CN103531196A - Sound selection method for waveform concatenation speech synthesis - Google Patents
Sound selection method for waveform concatenation speech synthesis Download PDFInfo
- Publication number
- CN103531196A CN103531196A CN201310481306.9A CN201310481306A CN103531196A CN 103531196 A CN103531196 A CN 103531196A CN 201310481306 A CN201310481306 A CN 201310481306A CN 103531196 A CN103531196 A CN 103531196A
- Authority
- CN
- China
- Prior art keywords
- primitive
- obtains
- candidate
- syllable
- training
- Prior art date
- Legal status (The legal status is an assumption and is not a legal conclusion.
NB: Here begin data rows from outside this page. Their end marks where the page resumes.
Lemma sum_elem_sym_omit k :
  \sum_s elem_sym_omit s k = (n%:Z - k%:Z)%:~R * elem_sym k.
Proof.
rewrite /elem_sym_omit (exchange_big_dep (fun S : {set 'I_n} => #|S| == k)) /=;
  last by move=> s S _ /andP[].
rewrite /elem_sym mulr_sumr; apply: eq_bigr => S /eqP cardS.
under eq_bigl => s do rewrite cardS eqxx -in_setC.
rewrite sumr_const -mulr_natl; congr (_ * _).
have := cardsC S; rewrite card_ord cardS => cardCS.
by rewrite -[_%:R]/((#|~: S|%:Z)%:~R : R); congr (_%:~R); lia.
Qed.

Definition elem_sym_omit_dot (a b : nat) : R :=
  \sum_s elem_sym_omit s a * elem_sym_omit s b.

Lemma elem_sym_omit_dotS a b : elem_sym_omit_dot a.+1 b =
  (n%:Z - b%:Z)%:~R * elem_sym a.+1 * elem_sym b
  - (n%:Z - a%:Z)%:~R * elem_sym a * elem_sym b.+1 + elem_sym_omit_dot a b.+1.
Proof.
have expand s : elem_sym_omit s a.+1 * elem_sym_omit s b =
    elem_sym a.+1 * elem_sym_omit s b - elem_sym b.+1 * elem_sym_omit s a
    + elem_sym_omit s a * elem_sym_omit s b.+1.
  by rewrite !elem_sym_omitS; ring.
rewrite /elem_sym_omit_dot (eq_bigr _ (fun s _ => expand s)) big_split sumrB /=.
by rewrite -!mulr_sumr !sum_elem_sym_omit; ring.
Qed.

Lemma elem_sym_omit_dotE a b : elem_sym_omit_dot a b =
  (n%:Z - b%:Z)%:~R * elem_sym a * elem_sym b +
  \sum_(t < a) (a%:Z - b%:Z - 2 * t.+1%:Z)%:~R
                 * elem_sym (a - t.+1) * elem_sym (b + t.+1).
Proof.
elim: a b => [|a IHa] b.
  rewrite big_ord0 addr0 elem_sym0 mulr1 -sum_elem_sym_omit.
  by apply: eq_bigr => s _; rewrite elem_sym_omit0 mul1r.
rewrite elem_sym_omit_dotS IHa big_ord_recl subn1 addn1 /=.
have shift : \sum_(t < a) (a.+1%:Z - b%:Z - 2 * (bump 0 t).+1%:Z)%:~R
      * elem_sym (a.+1 - (bump 0 t).+1) * elem_sym (b + (bump 0 t).+1) =
    \sum_(t < a) (a%:Z - b.+1%:Z - 2 * t.+1%:Z)%:~R
      * elem_sym (a - t.+1) * elem_sym (b.+1 + t.+1).
  apply: eq_bigr => t _; rewrite /bump add1n subSS addSnnS.
  by congr (_%:~R * _ * _); lia.
have coef : (a.+1%:Z - b%:Z - 2 * 1%:Z)%:~R
    = (n%:Z - b.+1%:Z)%:~R - (n%:Z - a%:Z)%:~R :> R.
  by rewrite -rmorphB; congr (_%:~R); lia.
by rewrite shift coef; ring.
Qed.

End ElementarySymmetric.

Arguments elem_sym {R n} x k.
Arguments elem_sym_omit {R n} x s k.
Arguments elem_sym_omit_dot {R n} x a b.

Lemma meval_mesym (R : comRingType) (n : nat) (x : 'I_n -> R) k :
  (mesym n R k).@[x] = elem_sym x k.
Proof.
rewrite mesymE raddf_sum /=; apply: eq_bigr => S _.
rewrite mevalX (big_mkcond (fun i => i \in S)) /=; apply: eq_bigr => i _.
by rewrite mnmE; case: (i \in S).
Qed.

Section MPolyDeriv.
Variables (R : ringType) (n : nat).
Implicit Types (s t : 'I_n).

Lemma mderivXU s t : ('X_t : {mpoly R[n]})^`M(s) = (t == s)%:R.
Proof.
rewrite mderivX mnm1E; have [<-|_] := eqVneq t s; last by rewrite scale0r.
suff -> : (U_(t) - U_(t))%MM = 0%MM by rewrite scale1r mpolyX0.
by apply/mnmP => i; rewrite mnmBE subnn mnm0E.
Qed.

Lemma mderiv_prod_sq_notin s (S : {set 'I_n}) : s \notin S ->
  (\prod_(t in S) ('X_t : {mpoly R[n]}) ^+ 2)^`M(s) = 0.
Proof.
move=> sS; apply: (big_ind (fun P : {mpoly R[n]} => P^`M(s) = 0)).
- by rewrite -mpolyC1 mderivC.
- by move=> P Q dP dQ; rewrite mderivM dP dQ mul0r mulr0 addr0.
- move=> t tS; rewrite expr2 mderivM mderivXU.
  have [ts|_] := eqVneq t s; last by rewrite mul0r mulr0 addr0.
  by rewrite -ts tS in sS.
Qed.

End MPolyDeriv.

Lemma base_digits_inj (D k : nat) (f g : 'I_k -> nat) :
  (forall i, f i < D)%N -> (forall i, g i < D)%N ->
  (\sum_(i < k) D ^ i * f i = \sum_(i < k) D ^ i * g i)%N -> f =1 g.
Proof.
elim: k f g => [|k IHk] f g ltfD ltgD; first by move=> _ [].
have shift (h : 'I_k.+1 -> nat) :
    (\sum_(i < k) D ^ (bump 0 i) * h (lift ord0 i) =
     D * \sum_(i < k) D ^ i * h (lift ord0 i))%N.
  by rewrite big_distrr; apply: eq_bigr => i _; rewrite /bump /= add1n expnS mulnA.
rewrite !big_ord_recl /= !expn0 !mul1n !shift => digitsE.
have f0 : f ord0 = g ord0.
  have := congr1 (modn^~ D) digitsE.
  by rewrite /= addnC [(g ord0 + _)%N]addnC ![(D * _)%N]mulnC !modnMDl !modn_small.
have D_gt0 : (0 < D)%N by apply: leq_ltn_trans (ltfD ord0).
move: digitsE; rewrite f0 => /addnI /eqP; rewrite eqn_pmul2l // => /eqP tailE.
have {}IHk := IHk _ _ (fun i => ltfD _) (fun i => ltgD _) tailE.
by move=> i; case: (unliftP ord0 i) => [j ->|->].
Qed.

Section Kronecker.
Variables (R : idomainType) (n : nat).
Implicit Type Q : {mpoly R[n]}.

Definition kronecker (D : nat) Q : {poly R} :=
  \sum_(m <- msupp Q) Q@_m *: 'X^(\sum_(i < n) D ^ i * m i).

Lemma horner_kronecker D Q x : (kronecker D Q).[x] = Q.@[fun i => x ^+ (D ^ i)].
Proof.
rewrite mevalE /kronecker horner_sum; apply: eq_bigr => m _.
rewrite hornerZ hornerXn -prodrXr; congr (_ * _).
by apply: eq_bigr => i _; rewrite exprM.
Qed.
Lemma RInt_lt_at a b t0 : a < t0 < b -> (forall t, a < t < b -> k1 t <= k2 t) ->
  k1 t0 < k2 t0 -> RInt k1 a b < RInt k2 a b.
Proof.
  intros Ht0 Hle Hlt.
  assert (Hdiff : continuity_pt (fun y => k2 y - k1 y) t0) by (apply continuity_pt_minus; auto).
  destruct (proj1 (continuity_pt_eps _ t0) Hdiff (k2 t0 - k1 t0) ltac:(lra)) as [d [Hd Hdd]].
  set (e := Rmin (d / 2) (Rmin ((t0 - a) / 2) ((b - t0) / 2))).
  assert (He : 0 < e /\ e <= d / 2 /\ e <= (t0 - a) / 2 /\ e <= (b - t0) / 2).
  { unfold e, Rmin; repeat destruct Rle_dec; lra. }
  rewrite <- (RInt_Chasles_cont k1 a (t0 - e) b), <- (RInt_Chasles_cont k1 (t0 - e) (t0 + e) b),
    <- (RInt_Chasles_cont k2 a (t0 - e) b), <- (RInt_Chasles_cont k2 (t0 - e) (t0 + e) b) by auto.
  assert (A1 : RInt k1 a (t0 - e) <= RInt k2 a (t0 - e))
    by (apply RInt_le_cont; [lra | intros; apply Hle; lra]).
  assert (A3 : RInt k1 (t0 + e) b <= RInt k2 (t0 + e) b)
    by (apply RInt_le_cont; [lra | intros; apply Hle; lra]).
  assert (A2 : RInt k1 (t0 - e) (t0 + e) < RInt k2 (t0 - e) (t0 + e)).
  { apply RInt_lt; [lra | intros; apply continuity_pt_filterlim; auto
                        | intros; apply continuity_pt_filterlim; auto |].
    intros x Hx. specialize (Hdd x ltac:(apply Rabs_def1; lra)).
    apply Rabs_def2 in Hdd. lra. }
  lra.
Qed.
Google has not performed a legal analysis and makes no representation as to the accuracy of the status listed.)
- Granted
Links
- 230000015572 biosynthetic process Effects 0.000 title claims abstract description 17
- 238000003786 synthesis reaction Methods 0.000 title claims abstract description 17
- 238000010187 selection method Methods 0.000 title abstract 2
- 238000000034 method Methods 0.000 claims abstract description 47
- 238000012549 training Methods 0.000 claims abstract description 24
- 238000003066 decision tree Methods 0.000 claims abstract description 11
- 238000001228 spectrum Methods 0.000 claims description 16
- 238000000605 extraction Methods 0.000 claims description 4
- 238000002372 labelling Methods 0.000 claims description 3
- 238000012545 processing Methods 0.000 claims description 3
- 230000011218 segmentation Effects 0.000 claims description 3
- 230000001360 synchronised effect Effects 0.000 claims description 2
- 238000010586 diagram Methods 0.000 description 5
- 230000009286 beneficial effect Effects 0.000 description 2
- 238000002156 mixing Methods 0.000 description 2
- 230000008447 perception Effects 0.000 description 2
- 238000010189 synthetic method Methods 0.000 description 2
- 230000007812 deficiency Effects 0.000 description 1
- 238000013461 design Methods 0.000 description 1
- 238000011161 development Methods 0.000 description 1
- 230000018109 developmental process Effects 0.000 description 1
- 230000000694 effects Effects 0.000 description 1
- 238000002474 experimental method Methods 0.000 description 1
- 230000010365 information processing Effects 0.000 description 1
- 238000012986 modification Methods 0.000 description 1
- 230000004048 modification Effects 0.000 description 1
- 238000011160 research Methods 0.000 description 1
- 230000033764 rhythmic process Effects 0.000 description 1
- 230000005236 sound signal Effects 0.000 description 1
- 230000003068 static effect Effects 0.000 description 1
Images
Landscapes
- Information Retrieval, Db Structures And Fs Structures Therefor (AREA)
Abstract
Description
Claims (9)
- Waveform concatenation phonetic synthesis select a sound method, it is characterized in that, the method comprises the following steps:Step S1, carries out the model training based on hidden Markov based on extract the original audio obtaining from audio database, obtains acoustic model collection and characteristic of correspondence decision tree;Step S2, inputs some training texts, based on described feature decision tree search, obtains associated acoustic models, and then obtains corresponding target voice and target syllable;Step S3, according to the similarity of the described target voice candidate primitive corresponding with it, and the likelihood probability of each parameters,acoustic of described candidate's primitive under current acoustic model, training obtains similarity sorter;Step S4, inputs any text to be synthesized, based on described similarity sorter, rejects dissimilar candidate's primitive, for remaining candidate's primitive, utilize concatenated cost minimum principle to select to obtain best primitive, and splicing obtains synthetic speech.
- 2. method according to claim 1, is characterized in that, described step S1 is further comprising the steps:Step S11, obtains the original audio in audio database;Step S12, carries out the extraction of frequency spectrum parameter and base frequency parameters frame by frame for described original audio;Step S13, the text corresponding for described original audio carries out synchronous mark, marks out the contextual feature information of corresponding syllable in described original audio, described original audio carried out to segment cutting mark simultaneously;Step S14, the frequency spectrum parameter based on described original audio and base frequency parameters, contextual feature information labeling, and segment cutting mark, carry out traditional hidden Markov model training, obtain the Models Sets that comprises duration, fundamental frequency and frequency spectrum, and feature decision tree separately.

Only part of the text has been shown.